去年に続いて染五郎・猿之助の弥次喜多珍道中。

八月の歌舞伎座の演目は本当は第一部、第二部、第三部と全部観たいのだけれど、
このところ宝塚や新感線まで手を出していてちょっとお財布も寂しくなりそうなので、第二部だけで我慢です。

でも、第二部だけでも十分満足。
期待を裏切らない面白さでした。

1.修善寺物語
  夜叉王 坂東彌十郎
  姉娘桂 市川猿之助
  源頼家 中村勘九郎
  晴彦  坂東巳之助
  妹娘楓 坂東新悟
  下田五郎 中村萬太郎
  金窪兵衛 片岡亀蔵
  修善寺の僧 坂東秀調

初世坂東好太郎と二世坂東吉弥の追善狂言。
伊豆国修善寺村に住む面作師夜叉王のもとへ将軍源頼家が依頼していた自分に似せた面の政策の催促にやってきます。
夜叉王は納得のいく面ができていないと言い張りますが、頼家の怒りを買い、見かねた娘桂が打ちあがっていた面を差し出します。
その面は死相が現れていると躊躇する夜叉王の言葉も聞かず、頼家はその面を気に入り、娘桂を連れ修善寺の御座所に戻ります。
果たしてそこには北条が放った追手が・・・。
源頼家暗殺を背景に、夜叉王の名人気質を描いたお話。
彌十朗の夜叉王がいいですね。勘九郎の頼家も締まります。もちろん猿之助の桂も艶っぽくて良い。

2.東海道中膝栗毛 歌舞伎座捕物帖
  弥次郎兵衛 市川染五郎
  座元釜桐座衛門 市川中車
  瀬之川伊之助 坂東巳之助
  中山新五郎 坂東新悟
  芳沢綾人 中村隼人
  女房お蝶 中村児太郎
  関為三郎 坂東竹三郎
  喜多八 市川猿之助

染五郎・猿之助の宙乗りに始まり宙乗りに終わる、エンターテインメント活劇。
今回は二階席の前から二列目だったので、宙乗りが良く見えて楽しかった!
染五郎さんは来年には幸四郎さんになってしまうので、もうこんなドリフっぽいコントはやらないかしら。
このコンビ、最高なんですけどね。
お話は歌舞伎座で起こる殺人事件の謎解き物語。
この時かかっている演目は『義経千本桜』。
前半の巳之助さんがサイコーです。
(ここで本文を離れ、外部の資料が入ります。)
Lemma is_derive_lpot'0 : is_derive (0 : R) 1 lpot'
  (1 - (lnorm'' 0 * f (lcos 0) + lnorm' 0 * (f' (lcos 0) * lcos' 0)
        + (lnorm' 0 * (f' (lcos 0) * lcos' 0)
           + lnorm 0 * (f'' (lcos 0) * lcos' 0 * lcos' 0 + f' (lcos 0) * lcos'' 0)))).
Proof.
have q0 : 0 < lsqnorm 0 by rewrite lsqnorm0 exprn_gt0.
have c1 : -1 < lcos 0 < 1 by rewrite lcos0.
rewrite /lpot'; eapply is_derive_eq.
  eapply is_derive1_sub.
    eapply is_derive1_add; [exact: is_derive_cst | exact: is_derive_id].
  eapply is_derive1_add.
    eapply is_derive1_mul; first exact: is_derive_lnorm'.
    eapply is_derive1_chain; [exact: f_f' | exact: is_derive_lcos].
  eapply is_derive1_mul; first exact: is_derive_lnorm.
  eapply is_derive1_mul; last exact: is_derive_lcos'.
  eapply is_derive1_chain; [exact: f'_f'' | exact: is_derive_lcos].
by rewrite /=; ring.
Qed.

Lemma derive2_lpot0 (s := u / r) (c := a / r) : derive1 (derive1 lpot) 0 =
  1 - ((1 - c ^+ 2) * (f s - s * f' s) + (e - s * c) ^+ 2 * f'' s) / r.
Proof.
have -> : derive1 (derive1 lpot) 0 = derive1 lpot' 0.
  rewrite !derive1E; apply: near_eq_derive; near=> t.
  have [q0 c1] : 0 < lsqnorm t /\ -1 < lcos t < 1 by near: t; exact: near0_lpot_smooth.
  by rewrite derive1E; case: (is_derive_lpot q0 c1).
rewrite derive1E; case: is_derive_lpot'0 => _ ->.
rewrite /lcos'' /lcos' /lnorm'' /lnorm' lcos0 lnorm0 !mul0r !addr0 /s /c.
by field; rewrite gt_eqF.
Unshelve. all: by end_near.
Qed.

End LineRestriction.

Section Euclidean.
Variables (R : realType) (n : nat).
Implicit Types (x y : 'rV[R]_n.+1) (i : 'I_n.+1) (t : R).

Lemma sum_mul_delta (F : 'I_n.+1 -> R) i : \sum_(j < n.+1) F j * (j == i)%:R = F i.
Proof.
rewrite (bigD1 i) //= eqxx mulr1 big1 ?addr0 // => j /negbTE ->.
by rewrite mulr0.
Qed.

Lemma dotv_ge0 y : 0 <= dotv y y.
Proof. by rewrite /dotv sumr_ge0 // => i _; rewrite -expr2 sqr_ge0. Qed.

Lemma sqr_enorm y : enorm y ^+ 2 = dotv y y.
Proof. by rewrite /enorm sqr_sqrtr // dotv_ge0. Qed.

Lemma enorm_gt0 y : y != 0 -> 0 < enorm y.
Proof.
move=> y0; rewrite /enorm sqrtr_gt0 lt_def dotv_ge0 andbT.
apply: contra y0 => /eqP /psumr_eq0P y2_0; apply/eqP/rowP => j.
have /eqP := y2_0 (fun i _ => ltac:(by rewrite -expr2 sqr_ge0)) j isT.
by rewrite mulf_eq0 orbb mxE => /eqP.
Qed.

Lemma dotv_e1 y : dotv y (e1 R n.+1) = y ord0 ord0.
Proof.
rewrite /dotv -[RHS](sum_mul_delta (y ord0)); apply: eq_bigr => j _.
by rewrite mxE; case: j => -[|j] jn.
Qed.

Lemma coord_le_enorm y i : `|y ord0 i| <= enorm y.
Proof.
rewrite /enorm -sqrtr_sqr ler_sqrt ?dotv_ge0 // /dotv (bigD1 i) //= -expr2.
by rewrite lerDl sumr_ge0 // => j _; rewrite -expr2 sqr_ge0.
Qed.

Lemma coord0_div_enorm_in y : -1 <= y ord0 ord0 / enorm y <= 1.
Proof.
rewrite -ler_norml normrM normfV.
have [->|y0] := eqVneq (enorm y) 0; first by rewrite normr0 invr0 mulr0.
have y_gt0 : 0 < enorm y by rewrite lt_def y0 sqrtr_ge0.
by rewrite (gtr0_norm y_gt0) ler_pdivrMr // mul1r coord_le_enorm.
Qed.

Lemma dotv_line x i t :
  dotv (x + t *: basis_vec R i) (x + t *: basis_vec R i) = dotv x x + 2 * x ord0 i * t + t ^+ 2.
Proof.
rewrite /dotv -addrA -(sum_mul_delta (fun j => 2 * x ord0 j * t + t ^+ 2) i) -big_split /=.
by apply: eq_bigr => j _; rewrite !mxE; case: (j == i); rewrite ?mulr1n ?mulr0n; ring.
Qed.

Lemma coord0_line x i t :
  (x + t *: basis_vec R i) ord0 ord0 = x ord0 ord0 + t * (i == ord0)%:R.
Proof. by rewrite !mxE eq_sym; case: (i == ord0). Qed.

(* Also at y = 0, where both sides are 1/2. *)
Lemma Lpot_gcosE d y :
  Lpot d y = enorm y ^+ 2 / 2 - enorm y * iter d gcos (y ord0 ord0 / enorm y) + 1 / 2.
Proof.
have s1 := coord0_div_enorm_in y.
rewrite /Lpot /theta dotv_e1.
have [->|y0] := eqVneq (enorm y) 0; first by rewrite !mul0r.
rewrite cos_iter_gmap ?acosK ?in_itv //.
by rewrite acos_ge0 // acos_lepi.
Qed.

Lemma derive_line (f : 'rV[R]_n.+1 -> R) x v :
  derive f x v = derive1 (fun t => f (x + t *: v)) 0.
Proof.
rewrite /derive /derive1; set D := (fun _ : R => _); set D' := (fun _ : R => _).
suff -> : D = D' by [].
by apply: funext => h; rewrite /D /D' scale0r !addr0 (addrC x).
Qed.

Lemma derive2_line (f : 'rV[R]_n.+1 -> R) x v :
  derive (fun y => derive f y v) x v = derive1 (derive1 (fun t => f (x + t *: v))) 0.
Proof.
rewrite derive_line; congr (derive1 _ 0); apply: funext => t.
rewrite derive_line /derive1; set D := (fun _ : R => _); set D' := (fun _ : R => _).
suff -> : D = D' by [].
by apply: funext => h; rewrite /D /D' scale0r !addr0 (addrC h) scalerDl addrA.
Qed.

Lemma sum_laplacian_terms (c : 'I_n.+1 -> R) (r A B : R) :
  \sum_(i < n.+1) c i ^+ 2 = 1 ->
  \sum_(i < n.+1) (1 - ((1 - c i ^+ 2) * A + ((i == ord0)%:R - c ord0 * c i) ^+ 2 * B) / r)
  = n.+1%:R - (n%:R * A + (1 - c ord0 ^+ 2) * B) / r.
Proof.
move=> c2; pose s := c ord0.
under eq_bigr => i _ do have -> :
    1 - ((1 - c i ^+ 2) * A + ((i == ord0)%:R - s * c i) ^+ 2 * B) / r
    = (1 - A / r) + c i ^+ 2 * ((A - s ^+ 2 * B) / r) - (B * (1 - 2 * s * c i)) / r * (i == ord0)%:R
  by case: (i == ord0); rewrite /= ?mulr1 ?mulr0; ring.
rewrite sumrB big_split /= sum_mul_delta -mulr_suml c2 sumr_const card_ord.
by rewrite -/s -mulr_natl -natr1; ring.
Qed.

Lemma laplacian_Lpot d x (r := enorm x) (s := x ord0 ord0 / r) :
  x != 0 -> -1 < s < 1 ->
  laplacian (Lpot d) x = n.+1%:R
    - (n%:R * (iter d gcos s - s * iter_gcos' d s) + (1 - s ^+ 2) * iter_gcos'' d s) / r.
Proof.
move=> x0 s1; have r0 : 0 < r := enorm_gt0 x0.
pose c i := x ord0 i / r.
have c2 : \sum_(i < n.+1) c i ^+ 2 = 1.
  transitivity (dotv x x / r ^+ 2); last by rewrite -sqr_enorm divff // gt_eqF ?exprn_gt0.
  by rewrite /dotv mulr_suml; apply: eq_bigr => i _; rewrite expr_div_n expr2.
rewrite -(sum_laplacian_terms r (iter d gcos s - s * iter_gcos' d s) (iter_gcos'' d s) c2).
apply: eq_bigr => i _; rewrite derive2_line.
have -> : (fun t => Lpot d (x + t *: basis_vec R i))
    = lpot r (x ord0 i) (x ord0 ord0) (i == ord0)%:R (iter d gcos).
  apply: funext => t.
  have nE : enorm (x + t *: basis_vec R i) = lnorm r (x ord0 i) t.
    by rewrite /lnorm /lsqnorm /enorm dotv_line -sqr_enorm.
  by rewrite Lpot_gcosE sqr_enorm dotv_line -sqr_enorm coord0_line nE.
by rewrite (derive2_lpot0 _ _ r0 (is_derive_iter_gcos d) (is_derive_iter_gcos' d) s1).
Qed.

End Euclidean.

Section LaplacianBounds.
Variable R : realType.
Variables (n : nat) (r s K K' K'' : R).
Hypotheses (r_gt0 : 0 < r) (s_in : -1 < s < 1) (K'_ge0 : 0 <= K') (K''_ge0 : 0 <= K'').

Lemma laplacian_bound_le0 : (0 < n)%N -> s <= 0 -> 0 <= K ->
  n.+1%:R - (n%:R * (K - s * K') + (1 - s ^+ 2) * K'') / r
    <= 2 + (n.+1 - 2)%:R * ((r - K) / r).
Proof.
move=> n0 s0 K0; rewrite -subr_ge0 subSS natrB // -[n.+1%:R]natr1.
have -> : 2 + (n%:R - 1) * ((r - K) / r)
      - (n%:R + 1 - (n%:R * (K - s * K') + (1 - s ^+ 2) * K'') / r)
    = (K + n%:R * (- s) * K' + (1 - s ^+ 2) * K'') / r by field; rewrite gt_eqF.
by rewrite divr_ge0 ?(ltW r_gt0) // !addr_ge0 ?mulr_ge0 ?oppr_ge0 ?(ltW (subX2_gt0 s_in)).
Qed.

Lemma laplacian_bound_ge0 : 0 <= s -> s <= K -> K' <= 1 ->
  n.+1%:R - (n%:R * (K - s * K') + (1 - s ^+ 2) * K'') / r <= n.+1%:R.
Proof.
move=> s0 sK K'1; rewrite gerBl divr_ge0 ?(ltW r_gt0) //.
rewrite addr_ge0 ?mulr_ge0 ?(ltW (subX2_gt0 s_in)) // subr_ge0.
by apply: le_trans sK; rewrite ler_piMr.
Qed.
(* Let $q>0$ and $c=\sqrt q$. The solution of the Volterra lattice $u'_j=u_j(u_{j+1}-u_{j-1})$, $j\in\mathbb Z$, with initial data at $t=0$ given by $u_j=0$ for $j\le0$, $u_1=u_3=u_5=\dots=1$, $u_2=u_4=\dots=q$, has first component $u_1=f'_1/f_1$ with $$f_1=1+\int_0^t{}_1F_1\bigl(\tfrac32,3,4cx\bigr)e^{(c-1)^2x}\,dx.$$
   Context: $f'=df/dt$. ${}_1F_1(a,b,z)=\sum_{n\ge0}\frac{(a)_n}{(b)_n}\frac{z^n}{n!}$ with $(a)_n=a(a+1)\cdots(a+n-1)$, $(a)_0=1$. *)

From Stdlib Require Import Reals ZArith.
From Coquelicot Require Import Coquelicot.
Open Scope R_scope.

Fixpoint pochhammer (a : R) (n : nat) : R :=
  match n with
  | O => 1
  | S m => pochhammer a m * (a + INR m)
  end.

Definition hyp1F1 (a b z : R) : R :=
  Series (fun n => pochhammer a n / pochhammer b n * z ^ n / INR (fact n)).

Definition f1 (q t : R) : R :=
  let c := sqrt q in
  1 + RInt (fun x => hyp1F1 (3/2) 3 (4 * c * x) * exp ((c - 1) ^ 2 * x)) 0 t.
巳之助さん、猿之助さんにこういう役をもらえて幸せだわ。
今回特に良かったのは児太郎さんでしょうか。
あ、でもこの演目、ラストが2通りあるんだとか。観客の拍手でAかBか決めるんです。
今日はBだったので、あの人が犯人だったけど、Aだと反対になるのかな?うーん、気になる~。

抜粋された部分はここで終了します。